P.S.: Excuse my unqualified use of OE as Newsreader, but I'm constrained to
it here. Oh, and this posting is merely a private affair, nothing which
represents the owner of my sender domain in any kind :)
 
?

=?ISO-8859-15?Q?R=E9mi_Peyronnet?=

Hi,
I'm preparing my master thesis about a XML Merge Tool implementation and was
wondering if there is any open standard for XML diff regarding topics like:
[...Snip...]

As these topics are really dependant of what the user needs and what the
diff software choose to implement, I cannot see how it could be
normalized. (but some standards on the output format exist : XDL (Used
by Microsoft Diff & Patch), DUL (Used by diffxml))
There are a lot of diff programs and papers on the web but none of them seem
to reference or follow any standard. It's not a question that most tools
have to be configured properly by the user to fit the special structure and
semantic of one's specific xml files, so that it will yield optimal results.

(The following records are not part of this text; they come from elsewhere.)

(** * Continued fraction cylinders *)

(* [convergents a n = ((p_(n-1), q_(n-1)), (p_n, q_n))] for [[0; a 0, a 1, ...]],
   starting from [(p_(-1), q_(-1)) = (1, 0)]. *)
Fixpoint convergents (a : nat -> nat) (n : nat) : (nat * nat) * (nat * nat) :=
  match n with
  | O => ((1, 0), (0, 1))%nat
  | S n => let (B, A) := convergents a n in
           (A, (a n * fst A + fst B, a n * snd A + snd B)%nat)
  end.

Definition conv a n := snd (convergents a n).
Definition conv_prev a n := fst (convergents a n).
Definition cyl_end a n := mediant (conv a n) (conv_prev a n).

(* The cylinder of depth [n]: the real numbers whose expansion starts with
   [a 0, ..., a (n-1)], i.e. the Farey interval between [conv] and [cyl_end]. *)
Definition cyl_lo a n := if Nat.even n then ratio (conv a n) else ratio (cyl_end a n).
Definition cyl_hi a n := if Nat.even n then ratio (cyl_end a n) else ratio (conv a n).
Definition cyl_den a n := INR (snd (conv a n)) * INR (snd (cyl_end a n)).

Lemma conv_succ a n : conv a (S n) =
  (a n * fst (conv a n) + fst (conv_prev a n), a n * snd (conv a n) + snd (conv_prev a n))%nat.
Proof. unfold conv, conv_prev; simpl; destruct (convergents a n); reflexivity. Qed.

Lemma conv_prev_succ a n : conv_prev a (S n) = conv a n.
Proof. unfold conv, conv_prev; simpl; destruct (convergents a n); reflexivity. Qed.

Lemma even_succ n : Nat.even (S n) = negb (Nat.even n).
Proof. rewrite Nat.even_succ, <- Nat.negb_even. reflexivity. Qed.

Section Convergents.

Variable a : nat -> nat.
Hypothesis a_pos : forall k, (1 <= a k)%nat.

Lemma conv_spec n :
  let (p, q) := conv a n in let (p', q') := conv_prev a n in
  (0 < q /\ p <= q /\ p + p' <= q + q' /\ q' <= q /\
   if Nat.even n then p' * q = p * q' + 1 else p * q' = p' * q + 1)%nat.
Proof.
  induction n as [|n IH]; [simpl; lia|].
  rewrite conv_succ, conv_prev_succ, even_succ. specialize (a_pos n).
  destruct (conv a n) as [p q], (conv_prev a n) as [p' q']. simpl.
  destruct (Nat.even n); simpl; nia.
Qed.

Lemma conv_den_pos n : (0 < snd (conv a n))%nat /\ (snd (conv_prev a n) <= snd (conv a n))%nat.
Proof. pose proof (conv_spec n). destruct (conv a n), (conv_prev a n). simpl. lia. Qed.

Lemma cyl_farey n : farey_or (Nat.even n) (conv a n) (cyl_end a n).
Proof.
  pose proof (conv_spec n) as H. unfold cyl_end.
  destruct (conv a n) as [p q], (conv_prev a n) as [p' q'].
  destruct (Nat.even n); unfold farey_or, farey, farey_consecutive, mediant; simpl; nia.
Qed.

Lemma conv_succ_iter n : conv a (S n) = mediant_iter (conv a n) (cyl_end a n) (a n - 1).
Proof.
  rewrite mediant_iter_eq, conv_succ. unfold cyl_end, mediant. specialize (a_pos n).
  destruct (conv a n), (conv_prev a n); simpl. f_equal; nia.
Qed.

Lemma cyl_end_succ_iter n : cyl_end a (S n) = mediant_iter (conv a n) (cyl_end a n) (a n).
Proof.
  unfold cyl_end at 1. rewrite mediant_iter_eq, conv_succ, conv_prev_succ.
  unfold cyl_end, mediant. destruct (conv a n), (conv_prev a n); simpl. f_equal; nia.
Qed.

Lemma cyl_length n : cyl_hi a n - cyl_lo a n = / cyl_den a n.
Proof.
  pose proof (farey_or_ratio_dist _ _ _ (cyl_farey n)) as D.
  pose proof (mediant_iter_between _ _ _ 0 (cyl_farey n)) as B.
  unfold cyl_hi, cyl_lo, cyl_den. simpl in B.
  destruct (Nat.even n); [rewrite Rabs_right in D | rewrite Rabs_left in D]; lra.
Qed.

Lemma cyl_range n : 0 <= cyl_lo a n /\ cyl_lo a n < cyl_hi a n /\ cyl_hi a n <= 1.
Proof.
  pose proof (cyl_farey n) as H. unfold cyl_hi, cyl_lo.
  destruct (Nat.even n); simpl in H; pose proof (farey_ratio_lt _ _ H);
    destruct (farey_ratio_range _ _ H); lra.
Qed.

Lemma cyl_nested n : cyl_lo a n <= cyl_lo a (S n) /\ cyl_hi a (S n) <= cyl_hi a n.
Proof.
  pose proof (mediant_iter_between _ _ _ (a n) (cyl_farey n)) as B1.
  pose proof (mediant_iter_between _ _ _ (a n - 1) (cyl_farey n)) as B2.
  unfold cyl_lo, cyl_hi. rewrite even_succ, conv_succ_iter, cyl_end_succ_iter.
  destruct (Nat.even n); simpl; lra.
Qed.

Lemma cyl_lo_mono j k : (j <= k)%nat -> cyl_lo a j <= cyl_lo a k /\ cyl_hi a k <= cyl_hi a j.
Proof.
  intro Hjk. induction Hjk as [|k _ IH]; [lra|]. pose proof (cyl_nested k). lra.
Qed.

Lemma cyl_den_lower n : INR (S n) <= cyl_den a n.
Proof.
  unfold cyl_den, cyl_end. rewrite <- mult_INR. apply le_INR.
  induction n as [|n IH]; [simpl; lia|].
  unfold mediant in *. rewrite conv_succ, conv_prev_succ in *. simpl in *.
  destruct (conv_den_pos n). specialize (a_pos n). nia.
Qed.

Lemma cyl_length_cvg : is_lim_seq (fun n => cyl_hi a n - cyl_lo a n) 0.
Proof.
  apply is_lim_seq_le_le with (u := fun _ => 0) (w := fun n => / INR (S n)).
  - intro n. rewrite cyl_length. pose proof (cyl_den_lower n).
    assert (0 < INR (S n)) by (apply lt_0_INR; lia).
    split; [apply Rlt_le, Rinv_0_lt_compat; lra | apply Rinv_le_contravar; lra].
  - apply is_lim_seq_const.
  - replace (Finite 0) with (Rbar_inv p_infty) by reflexivity.
    apply is_lim_seq_inv; [|discriminate].
    apply (is_lim_seq_incr_1 INR), is_lim_seq_INR.
Qed.

End Convergents.

Definition pq_nat (x : R) (n : nat) : nat := Z.to_nat (pq x n).

Lemma gauss_step t : 0 < t < 1 ->
  (1 <= Int_part (/ t))%Z /\ 0 <= gauss t < 1 /\
  INR (Z.to_nat (Int_part (/ t))) = IZR (Int_part (/ t)).
Proof.
  intros Ht. destruct (base_Int_part (/ t)) as [H1 H2].
  assert (1 < / t) by (rewrite <- Rinv_1; apply Rinv_lt_contravar; lra).
  assert (Hz : (0 < Int_part (/ t))%Z) by (apply lt_IZR; lra).
  unfold gauss. rewrite INR_IZR_INZ, Z2Nat.id by lia. repeat split; lia || lra.
Qed.

Lemma irrational_not_ratio x m n : irrational x -> (0 < n)%nat -> x <> INR m / INR n.
Proof.
  intros Hx Hn. rewrite !INR_IZR_INZ. apply Hx. lia.
Qed.

Lemma continued_fraction x : 0 <= x <= 1 -> irrational x -> forall n,
  0 < Nat.iter n gauss x < 1 /\
  let (p, q) := conv (pq_nat x) n in let (p', q') := conv_prev (pq_nat x) n in
  (0 < q)%nat /\ x = (INR p + Nat.iter n gauss x * INR p') / (INR q + Nat.iter n gauss x * INR q').
Proof.
  intros Hx Hirr.
  assert (H0 : x <> INR 0 / INR 1) by (apply irrational_not_ratio; [assumption | lia]).
  assert (H1 : x <> INR 1 / INR 1) by (apply irrational_not_ratio; [assumption | lia]).
  simpl in H0, H1. rewrite Rdiv_0_l in H0. rewrite Rdiv_1_r in H1.
  induction n as [|n [Ht IH]].
  { simpl. split; [|split; [lia | field]]. destruct Hx as [Hx0 Hx1].
    destruct (Rle_lt_or_eq_dec _ _ Hx0), (Rle_lt_or_eq_dec _ _ Hx1); subst; lra || congruence. }
  destruct (gauss_step _ Ht) as [Z1 [Z2 Z3]].
  rewrite conv_succ, conv_prev_succ.
  set (t := Nat.iter n gauss x) in *.
  assert (Ea : pq_nat x n = Z.to_nat (Int_part (/ t))) by reflexivity. rewrite Ea.
  change (Nat.iter (S n) gauss x) with (gauss t).
  set (z := Int_part (/ t)) in *. set (t' := gauss t) in *.
  assert (Ht' : t = / (IZR z + t'))
    by (unfold t', gauss; fold z; rewrite Rplus_minus, Rinv_inv; reflexivity).
  destruct (conv (pq_nat x) n) as [p q], (conv_prev (pq_nat x) n) as [p' q'].
  destruct IH as [Hq IH]. cbn [fst snd].
  assert (Hz : 1 <= IZR z) by (apply IZR_le; lia).
  assert (Hqz : (0 < Z.to_nat z * q + q')%nat) by nia.
  split; [|split; [exact Hqz|]].
  2:{ rewrite !plus_INR, !mult_INR, Z3, IH, Ht'. apply lt_0_INR in Hq.
      pose proof (pos_INR p'). pose proof (pos_INR q'). field. split; nra. }
  split; [|lra]. destruct Z2 as [[Hpos|Hzero] _]; [exact Hpos|]. exfalso.
  apply (irrational_not_ratio x (Z.to_nat z * p + p') _ Hirr Hqz).
  rewrite !plus_INR, !mult_INR, Z3, IH, Ht', <- Hzero, Rplus_0_r. apply lt_0_INR in Hq.
  pose proof (pos_INR p'). pose proof (pos_INR q'). field. split; nra.
Qed.

Lemma pq_nat_pos x : 0 <= x <= 1 -> irrational x -> forall n, (1 <= pq_nat x n)%nat.
Proof.
  intros Hx Hi n. destruct (continued_fraction x Hx Hi n) as [Ht _].
  destruct (gauss_step _ Ht) as [Z1 _]. unfold pq_nat, pq. lia.
Qed.

Lemma Rdiv_lt_cross a b c d : 0 < b -> 0 < d -> a * d < c * b -> a / b < c / d.
Proof.
  intros Hb Hd H. apply Rminus_lt.
  replace (a / b - c / d) with ((a * d - c * b) / (b * d)) by (field; lra).
  apply Rdiv_neg_pos; nra.
Qed.

Lemma in_cylinders x : 0 <= x <= 1 -> irrational x ->
  forall n, cyl_lo (pq_nat x) n < x < cyl_hi (pq_nat x) n.
Proof.
  intros Hx Hi n. pose proof (pq_nat_pos x Hx Hi) as Ha.
  destruct (continued_fraction x Hx Hi n) as [Ht Hc]. pose proof (conv_spec _ Ha n) as Hs.
  unfold cyl_lo, cyl_hi, cyl_end. set (t := Nat.iter n gauss x) in *.
  destruct (conv (pq_nat x) n) as [p q], (conv_prev (pq_nat x) n) as [p' q'].
  destruct Hc as [Hq Ex]. destruct Hs as [_ [_ [_ [_ Hd]]]].
  unfold ratio, mediant; cbn [fst snd]. rewrite !plus_INR, Ex.
  apply lt_0_INR in Hq. pose proof (pos_INR q').
  destruct (Nat.even n); apply (f_equal INR) in Hd; rewrite !plus_INR, !mult_INR in Hd;
    simpl in Hd; split; apply Rdiv_lt_cross; nra.
Qed.

(** * Gaps and difference quotients *)

Definition cyl_incr (g : R -> R) a n := g (cyl_hi a n) - g (cyl_lo a n).
Definition cyl_slope (g : R -> R) a n := cyl_incr g a n * cyl_den a n.

Section CylinderIncrements.

Variables (g : R -> R) (a : nat -> nat).
Hypothesis g_DTU : is_DTU lam g.
Hypothesis a_pos : forall k, (1 <= a k)%nat.

Lemma g_mediant_iter_cyl n j :
  g (ratio (mediant_iter (conv a n) (cyl_end a n) j)) - g (ratio (conv a n)) =
  weight (Nat.even n) ^ j * (g (ratio (cyl_end a n)) - g (ratio (conv a n))).
Proof. apply g_mediant_iter; [exact g_DTU | apply cyl_farey, a_pos]. Qed.

Lemma cyl_incr_0 : cyl_incr g a 0 = 1.
Proof.
  destruct g_DTU as [G0 [G1 _]]. unfold cyl_incr, cyl_hi, cyl_lo, cyl_end, ratio, mediant; simpl.
  rewrite Rdiv_0_l, Rdiv_1_r, G0, G1. ring.
Qed.

Lemma cyl_incr_succ n : cyl_incr g a (S n) =
  weight (Nat.even n) ^ (a n - 1) * (1 - weight (Nat.even n)) * cyl_incr g a n.
Proof.
  pose proof (g_mediant_iter_cyl n (a n)) as E1. pose proof (g_mediant_iter_cyl n (a n - 1)) as E2.
  replace (a n) with (S (a n - 1)) in E1 at 2 by (specialize (a_pos n); lia).
  unfold cyl_incr, cyl_hi, cyl_lo.
  rewrite even_succ, (conv_succ_iter a a_pos), (cyl_end_succ_iter a).
  simpl pow in E1. destruct (Nat.even n); cbn [negb];
    set (P := g (ratio (conv a n))) in *;
    set (A1 := g (ratio (mediant_iter (conv a n) (cyl_end a n) (a n)))) in *;
    set (A0 := g (ratio (mediant_iter (conv a n) (cyl_end a n) (a n - 1)))) in *.
  - replace (A0 - A1) with ((A0 - P) - (A1 - P)) by ring. rewrite E1, E2. ring.
  - replace (A1 - A0) with ((A1 - P) - (A0 - P)) by ring. rewrite E1, E2. ring.
Qed.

Most of the diff tools I have seen are quite generic and do not depend
on the xml structure of the files. But the user have to choose the right
tools / options (spaces, orders,....) for his needs. This is quite the
same thing with the classic "diff" tool, which has many options.

Hth,
 
A

Andreas Kasparek

Hola!

Rémi Peyronnet said:
As these topics are really dependant of what the user needs and what the
diff software choose to implement, I cannot see how it could be
normalized.
Surely things like the ordering of elements or what attributes should be
regarded as IDs are highly dependant on the user's documents, but aren't
there any assumptions on i.e. whether elements could have moved between
subtrees or just have been deleted/inserted, whether an element is matching
one from the other document because it has the same attribute or because it
bears the same child-nodes? I tried some free xml diff tools and often I got
different results without preconfiguring them. And in some cases I really
wondered why the diff result was as it was and not any other way.
I think it would be nice to have some common default behavior one might
expect, to base the own configuration decisions on. How could I know how to
set my preferences if I have to play around with a tool at first to find out
its normal mode of operation?

Lets look at a short example:

Doc1:

<root>
<node>
<subnode>
Text
</subnode>
</node>
<node foo="bar">
Text
</node>
</root>

----------------------

Doc2:

<root>
<node foo="bar">
<subnode>
Text
<subnode>
</node>
<node>
Text
</node>
</root>


So what two elements from both documents are considered to be matching? Is
it the first node of both docs (and respectively the second also), because
they comprise a similar subtree of (sub-/text-)nodes? Or is it the second
node of Doc1 to the first node of Doc2, because they contain the same
attribute (and that the same value, maybe even marked as ID in any schema)
each? And if the ordering of the node-elements has been reversed, then was
the subnode part moved from the none-foo node to the foo-node (meaning it is
in fact the same subnode element and not just a similar one)? Or was it
deleted on the one node and inserted to the other node (is there any case
where that matters?)?

This is a really simple and straightforward example, I'm sure one could
construct more complex structures to show some kind of ambiguity that can't
be resolved as easily.


(but some standards on the output format exist : XDL (Used
by Microsoft Diff & Patch), DUL (Used by diffxml))
And at least a handful others :)

Most of the diff tools I have seen are quite generic and do not depend
on the xml structure of the files. But the user have to choose the right
tools / options (spaces, orders,....) for his needs. This is quite the
same thing with the classic "diff" tool, which has many options.
Ok, that's right.


Thanks!

Hasta lügo
Andreas
 
?

=?ISO-8859-15?Q?R=E9mi_Peyronnet?=

Hi Andreas,
Surely things like the ordering of elements or what attributes should be
regarded as IDs are highly dependant on the user's documents, but aren't
there any assumptions on i.e. whether elements could have moved between
subtrees or just have been deleted/inserted, whether an element is matching
one from the other document because it has the same attribute or because it
bears the same child-nodes? I tried some free xml diff tools and often I got
different results without preconfiguring them.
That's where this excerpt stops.